(Data records)
• • •

(* Identify the tangent space of $\mathbb OP^2$ at $P_0=[1,0,0]$ with $\mathbb O^2$ via the chart $[1,u,v]\mapsto(u,v)$, a pair $(a,b)$ corresponding to the tangent vector with $du=a$, $dv=b$. Then the Riemann curvature tensor of $(\mathbb OP^2,g)$ at $P_0$ is $$\begin{aligned}R\big((a,b),(c,d),(e,f),(g,h)\big)=&\,4\langle a,e\rangle\langle c,g\rangle-4\langle c,e\rangle\langle a,g\rangle+4\langle b,f\rangle\langle d,h\rangle-4\langle d,f\rangle\langle b,h\rangle\\&-\langle e\bar d,g\bar b\rangle+\langle e\bar b,g\bar d\rangle-\langle c\bar f,a\bar h\rangle+\langle a\bar f,c\bar h\rangle-\langle a\bar d-c\bar b,\ g\bar f-e\bar h\rangle.\end{aligned}$$
   Context: Octonions: $\mathbb O=\mathbb H\oplus\mathbb H$ with product $(q_1,q_2)(p_1,p_2)=(q_1p_1-\bar p_2q_2,\ p_2q_1+q_2\bar p_1)$, conjugation $\overline{(q_1,q_2)}=(\bar q_1,-q_2)$, $\langle a,b\rangle=\mathrm{Re}(a\bar b)$, $|a|^2=\langle a,a\rangle$. $\mathbb OP^2=\mathcal U/_\sim$ with $\mathcal U=(\{1\}\times\mathbb O^2)\cup(\mathbb O\times\{1\}\times\mathbb O)\cup(\mathbb O^2\times\{1\})$ and $[a,b,c]\sim[d,e,f]$ iff $(a,b,c)=(d\lambda,e\lambda,f\lambda)$ for some $\lambda\ne0$; charts $[1,u,v]\mapsto(u,v)$, $[u,1,v]\mapsto(u,v)$, $[u,v,1]\mapsto(u,v)$, and metric $g$ given on each chart, for tangent vector $(du,dv)=(\xi,\eta)$, by $ds^2=\frac{|\xi|^2(1+|v|^2)+|\eta|^2(1+|u|^2)-2\mathrm{Re}[(u\bar v)(\eta\bar\xi)]}{(1+|u|^2+|v|^2)^2}$. Curvature sign convention: in coordinates in which the first derivatives of the metric vanish at the point, $R_{\alpha\beta\gamma\delta}=\tfrac12\big[\partial_\alpha\partial_\delta g_{\beta\gamma}+\partial_\beta\partial_\gamma g_{\alpha\delta}-\partial_\beta\partial_\delta g_{\alpha\gamma}-\partial_\alpha\partial_\gamma g_{\beta\delta}\big]$ (so the sectional curvature of an orthonormal pair $x,y$ is $R(x,y,x,y)$). *)

From Stdlib Require Import Reals.
From Coquelicot Require Import Coquelicot.
Open Scope R_scope.

Record quat := Quat { q0 : R; q1 : R; q2 : R; q3 : R }.

Definition qadd (a b : quat) : quat :=
  Quat (q0 a + q0 b) (q1 a + q1 b) (q2 a + q2 b) (q3 a + q3 b).
Definition qopp (a : quat) : quat := Quat (- q0 a) (- q1 a) (- q2 a) (- q3 a).
Definition qsub (a b : quat) : quat := qadd a (qopp b).
Definition qscal (s : R) (a : quat) : quat :=
  Quat (s * q0 a) (s * q1 a) (s * q2 a) (s * q3 a).
Definition qconj (a : quat) : quat := Quat (q0 a) (- q1 a) (- q2 a) (- q3 a).
(** Hamilton product (i^2 = j^2 = k^2 = ijk = -1) *)
Definition qmul (a b : quat) : quat :=
  Quat (q0 a * q0 b - q1 a * q1 b - q2 a * q2 b - q3 a * q3 b)
       (q0 a * q1 b + q1 a * q0 b + q2 a * q3 b - q3 a * q2 b)
       (q0 a * q2 b - q1 a * q3 b + q2 a * q0 b + q3 a * q1 b)
       (q0 a * q3 b + q1 a * q2 b - q2 a * q1 b + q3 a * q0 b).
Definition qzero : quat := Quat 0 0 0 0.

Record oct := Oct { o1 : quat; o2 : quat }.

Definition oadd (x y : oct) : oct := Oct (qadd (o1 x) (o1 y)) (qadd (o2 x) (o2 y)).
Definition osub (x y : oct) : oct := Oct (qsub (o1 x) (o1 y)) (qsub (o2 x) (o2 y)).
Definition oscal (s : R) (x : oct) : oct := Oct (qscal s (o1 x)) (qscal s (o2 x)).
Definition ozero : oct := Oct qzero qzero.
Definition omul (x y : oct) : oct :=
  Oct (qsub (qmul (o1 x) (o1 y)) (qmul (qconj (o2 y)) (o2 x)))
      (qadd (qmul (o2 y) (o1 x)) (qmul (o2 x) (qconj (o1 y)))).
Definition oconj (x : oct) : oct := Oct (qconj (o1 x)) (qopp (o2 x)).
Definition ore (x : oct) : R := q0 (o1 x).
Definition oinner (a b : oct) : R := ore (omul a (oconj b)).
Definition onorm2 (a : oct) : R := oinner a a.

(** Points of the chart [1,u,v] -> (u,v) and tangent vectors (du,dv), both in O^2 *)
Definition O2 := (oct * oct)%type.
Definition o2add (x y : O2) : O2 := (oadd (fst x) (fst y), oadd (snd x) (snd y)).
Definition o2sub (x y : O2) : O2 := (osub (fst x) (fst y), osub (snd x) (snd y)).
Definition o2scal (s : R) (x : O2) : O2 := (oscal s (fst x), oscal s (snd x)).
Definition o2zero : O2 := (ozero, ozero).

Definition ds2 (p : O2) (X : O2) : R :=
  let u := fst p in let v := snd p in let xi := fst X in let eta := snd X in
  (onorm2 xi * (1 + onorm2 v) + onorm2 eta * (1 + onorm2 u)
     - 2 * ore (omul (omul u (oconj v)) (omul eta (oconj xi))))
  / (1 + onorm2 u + onorm2 v) ^ 2.

Definition gmet (p : O2) (X Y : O2) : R :=
  (ds2 p (o2add X Y) - ds2 p (o2sub X Y)) / 4.

(** Second directional derivative at the base point P0 = (0,0) of a function
    of the chart point: D2 F X W = d/ds d/dt F(s X + t W) at s = t = 0,
    i.e. X^alpha W^delta d_alpha d_delta F(0). *)
Definition D2 (F : O2 -> R) (X W : O2) : R :=
  Derive (fun s => Derive (fun t => F (o2add (o2scal s X) (o2scal t W))) 0) 0.

(** Riemann tensor at P0 by the convention of the paper (valid in coordinates
    where the first derivatives of the metric vanish at P0):
    R_{abcd} = 1/2 [d_a d_d g_bc + d_b d_c g_ad - d_b d_d g_ac - d_a d_c g_bd],
    contracted with X^a Y^b Z^c W^d. *)
Definition curvR (X Y Z W : O2) : R :=
  / 2 * ( D2 (fun p => gmet p Y Z) X W
        + D2 (fun p => gmet p X W) Y Z
        - D2 (fun p => gmet p X Z) Y W
        - D2 (fun p => gmet p Y W) X Z ).

(* In the chart (u,v) the metric is g_p(Y,Z) = (<Y,Z> + H_{YZ}(p,p)/2) / (1 + |p|^2)^2, where
   <,> is the flat inner product of O^2 and H_{YZ} is the Hessian at 0 of the numerator, a
   quadratic form in p.  Restricted to a plane p = sX + tW this is an explicit rational
   function of (s,t): its first derivatives vanish at 0 and its mixed second derivative is
   H_{YZ}(X,W) - 4<Y,Z><X,W>.  Since H_{YZ}(X,W) = H_{XW}(Y,Z), the curvature becomes
   H_{YZ}(X,W) - H_{XZ}(Y,W) + 4<X,Z><Y,W> - 4<X,W><Y,Z>, and the octonionic terms collapse
   to the stated ones by the polarized composition law
   <x conj y, z conj w> + <x conj w, z conj y> = 2<x,z><y,w>, i.e. |xy| = |x||y|. *)
From Stdlib Require Import Reals Lra Psatz.
From Coquelicot Require Import Coquelicot.
Open Scope R_scope.

(* Fresh names: destruct would otherwise reuse the field names q0..q3, shadowing the
   projections that [oct_unfold] must unfold. *)
Ltac oct_coords :=
  repeat match goal with
  | x : O2 |- _ => destruct x
  | x : (oct * oct)%type |- _ => destruct x
  | x : oct |- _ => destruct x
  | x : quat |- _ =>
      let a := fresh "r" in let b := fresh "r" in
      let c := fresh "r" in let d := fresh "r" in destruct x as [a b c d]
  end.

Ltac oct_unfold :=
  cbv beta iota zeta delta [onorm2 oinner ore omul oconj osub oadd oscal
    qscal qsub qadd qmul qconj qopp o2add o2sub o2scal fst snd o1 o2 q0 q1 q2 q3].

Ltac oct_ring := intros; oct_coords; oct_unfold; ring.

Lemma onorm2_ge0 x : 0 <= onorm2 x.
Proof. oct_coords; oct_unfold; nra. Qed.

Lemma oinner_sym x y : oinner x y = oinner y x.
Proof. oct_ring. Qed.

Lemma oinnerBl x y z : oinner (osub x y) z = oinner x z - oinner y z.
Proof. oct_ring. Qed.

Lemma oinnerBr x y z : oinner x (osub y z) = oinner x y - oinner x z.
Proof. oct_ring. Qed.

Lemma ore_omulDl x y z : ore (omul (oadd x y) z) = ore (omul x z) + ore (omul y z).
Proof. oct_ring. Qed.

Lemma ore_omulDr x y z : ore (omul x (oadd y z)) = ore (omul x y) + ore (omul x z).
Proof. oct_ring. Qed.

Lemma ore_omul_as_oinner x y z w :
  ore (omul (omul x (oconj y)) (omul z (oconj w)))
  = oinner (omul w (oconj z)) (omul x (oconj y)).
Proof. oct_ring. Qed.

Lemma oinner_mul_conj_polar x y z w :
  oinner (omul x (oconj y)) (omul z (oconj w)) + oinner (omul x (oconj w)) (omul z (oconj y))
  = 2 * oinner x z * oinner y w.
Proof. oct_ring. Qed.

Definition o2inner (X Y : O2) : R := oinner (fst X) (fst Y) + oinner (snd X) (snd Y).

Lemma o2inner_ge0 X : 0 <= o2inner X X.
Proof.
  unfold o2inner; generalize (onorm2_ge0 (fst X)) (onorm2_ge0 (snd X)); unfold onorm2; lra.
Qed.

Definition o2cross (Y Z : O2) : oct :=
  oadd (omul (snd Y) (oconj (fst Z))) (omul (snd Z) (oconj (fst Y))).

Definition gnum_hess (Y Z X W : O2) : R :=
  2 * oinner (fst Y) (fst Z) * oinner (snd X) (snd W)
  + 2 * oinner (snd Y) (snd Z) * oinner (fst X) (fst W)
  - ore (omul (oadd (omul (fst X) (oconj (snd W))) (omul (fst W) (oconj (snd X))))
              (o2cross Y Z)).

Lemma gnum_hess_swap Y Z X W : gnum_hess Y Z X W = gnum_hess X W Y Z.
Proof. unfold gnum_hess, o2cross; oct_ring. Qed.

Lemma gmet_formula p Y Z :
  gmet p Y Z = (o2inner Y Z + gnum_hess Y Z p p / 2) / (1 + o2inner p p) ^ 2.
Proof.
  assert (HD : 1 + o2inner p p <> 0) by (pose proof (o2inner_ge0 p); lra).
  replace (1 + o2inner p p) with (1 + onorm2 (fst p) + onorm2 (snd p)) in HD |- *
    by (unfold o2inner, onorm2; ring).
  unfold gmet, ds2.
  match goal with |- (?N1 / ?D - ?N2 / ?D) / 4 = ?M / ?D =>
    assert (Hpolar : N1 - N2 = 4 * M)
      by (unfold gnum_hess, o2cross, o2inner; oct_coords; oct_unfold; field);
    replace N1 with (N2 + 4 * M) by lra end.
  field; exact HD.
Qed.

Lemma o2inner_plane X W s t :
  o2inner (o2add (o2scal s X) (o2scal t W)) (o2add (o2scal s X) (o2scal t W))
  = o2inner X X * s ^ 2 + 2 * o2inner X W * s * t + o2inner W W * t ^ 2.
Proof. unfold o2inner; oct_ring. Qed.

Lemma gnum_hess_plane Y Z X W s t :
  gnum_hess Y Z (o2add (o2scal s X) (o2scal t W)) (o2add (o2scal s X) (o2scal t W))
  = gnum_hess Y Z X X * s ^ 2 + 2 * gnum_hess Y Z X W * s * t + gnum_hess Y Z W W * t ^ 2.
Proof.
  unfold gnum_hess.
  generalize (o2cross Y Z) (oinner (fst Y) (fst Z)) (oinner (snd Y) (snd Z)).
  oct_ring.
Qed.

Lemma gmet_plane X W Y Z s t :
  gmet (o2add (o2scal s X) (o2scal t W)) Y Z =
  (o2inner Y Z + gnum_hess Y Z X X / 2 * s ^ 2 + gnum_hess Y Z X W * s * t
     + gnum_hess Y Z W W / 2 * t ^ 2)
  / (1 + o2inner X X * s ^ 2 + 2 * o2inner X W * s * t + o2inner W W * t ^ 2) ^ 2.
Proof.
  rewrite gmet_formula, o2inner_plane, gnum_hess_plane.
  f_equal; field.
Qed.

Lemma Derive_Derive_quad_ratio c0 a b c al be ga : 0 <= al ->
  Derive (fun s => Derive (fun t =>
      (c0 + a * s ^ 2 + b * s * t + c * t ^ 2)
      / (1 + al * s ^ 2 + 2 * be * s * t + ga * t ^ 2) ^ 2) 0) 0
  = b - 4 * c0 * be.
Proof.
  intros Hal.
  assert (Hslice : forall s, Derive (fun t =>
      (c0 + a * s ^ 2 + b * s * t + c * t ^ 2)
      / (1 + al * s ^ 2 + 2 * be * s * t + ga * t ^ 2) ^ 2) 0
    = b * s / (1 + al * s ^ 2) ^ 2 - 4 * be * s * (c0 + a * s ^ 2) / (1 + al * s ^ 2) ^ 3).
  { intros s; apply is_derive_unique.
    assert (Hpos : 0 < 1 + al * s ^ 2) by nra.
    auto_derive.
    - intros; nra.
    - field; lra. }
  rewrite (Derive_ext _ _ _ Hslice); apply is_derive_unique.
  auto_derive.
  - repeat split; simpl; lra.
  - field.
Qed.

Lemma D2_gmet X W Y Z :
  D2 (fun p => gmet p Y Z) X W = gnum_hess Y Z X W - 4 * o2inner Y Z * o2inner X W.
Proof.
  unfold D2.
  rewrite <- (Derive_Derive_quad_ratio (o2inner Y Z) (gnum_hess Y Z X X / 2)
    (gnum_hess Y Z X W) (gnum_hess Y Z W W / 2) _ (o2inner X W) (o2inner W W)
    (o2inner_ge0 X)).
  apply Derive_ext; intros s; apply Derive_ext; intros t.
  apply gmet_plane.
Qed.

Lemma is_derive_gmet_0 X Y Z : is_derive (fun t => gmet (o2scal t X) Y Z) 0 0.
Proof.
  apply (is_derive_ext (fun s => gmet (o2add (o2scal s X) (o2scal 0 X)) Y Z)).
  { intros s; f_equal; oct_coords; oct_unfold; rewrite !Rmult_0_l, !Rplus_0_r; reflexivity. }
  eapply is_derive_ext; [intros s; symmetry; apply gmet_plane |].
  pose proof (o2inner_ge0 X).
  auto_derive.
  - nra.
  - field.
Qed.

Lemma curvR_hess X Y Z W :
  curvR X Y Z W = gnum_hess Y Z X W - gnum_hess X Z Y W
                  + 4 * o2inner X Z * o2inner Y W - 4 * o2inner X W * o2inner Y Z.
Proof.
  unfold curvR; rewrite !D2_gmet, (gnum_hess_swap X W), (gnum_hess_swap Y W).
  lra.
Qed.

Theorem corollary5p4 :
  (* first derivatives of the metric vanish at P0 in the chart (u,v), so the
     paper's curvature convention applies in these coordinates *)
  (forall X Y Z : O2, is_derive (fun t => gmet (o2scal t X) Y Z) 0 0) /\
  (forall a b c d e f g h : oct,
     curvR (a, b) (c, d) (e, f) (g, h) =
       4 * oinner a e * oinner c g - 4 * oinner c e * oinner a g
     + 4 * oinner b f * oinner d h - 4 * oinner d f * oinner b h
     - oinner (omul e (oconj d)) (omul g (oconj b))
     + oinner (omul e (oconj b)) (omul g (oconj d))
     - oinner (omul c (oconj f)) (omul a (oconj h))
     + oinner (omul a (oconj f)) (omul c (oconj h))
     - oinner (osub (omul a (oconj d)) (omul c (oconj b)))
              (osub (omul g (oconj f)) (omul e (oconj h)))).
Proof.
  split; [exact is_derive_gmet_0 |].
  intros a b c d e f g h.
  rewrite curvR_hess.
  unfold gnum_hess, o2cross, o2inner; cbn [fst snd].
  rewrite !ore_omulDl, !ore_omulDr, !ore_omul_as_oinner, !oinnerBl, !oinnerBr.
  rewrite (oinner_sym (omul e (oconj d)) (omul a (oconj h))),
          (oinner_sym (omul e (oconj b)) (omul c (oconj h))).
  pose proof (oinner_mul_conj_polar a d g f).
  pose proof (oinner_mul_conj_polar a d e h).
  pose proof (oinner_mul_conj_polar c b g f).
  pose proof (oinner_mul_conj_polar c b e h).
  lra.
Qed.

• • •

## Work to be completed:
Extract from the records above the lines from the one containing "Z W W * t ^ 2." to the one containing "gmet (o2add (o2scal s X) (o2scal t", both lines included, exactly as they appear and with nothing else.

## Solution to this task:
  = gnum_hess Y Z X X * s ^ 2 + 2 * gnum_hess Y Z X W * s * t + gnum_hess Y Z W W * t ^ 2.
Proof.
  unfold gnum_hess.
  generalize (o2cross Y Z) (oinner (fst Y) (fst Z)) (oinner (snd Y) (snd Z)).
  oct_ring.
Qed.

Lemma gmet_plane X W Y Z s t :
  gmet (o2add (o2scal s X) (o2scal t W)) Y Z =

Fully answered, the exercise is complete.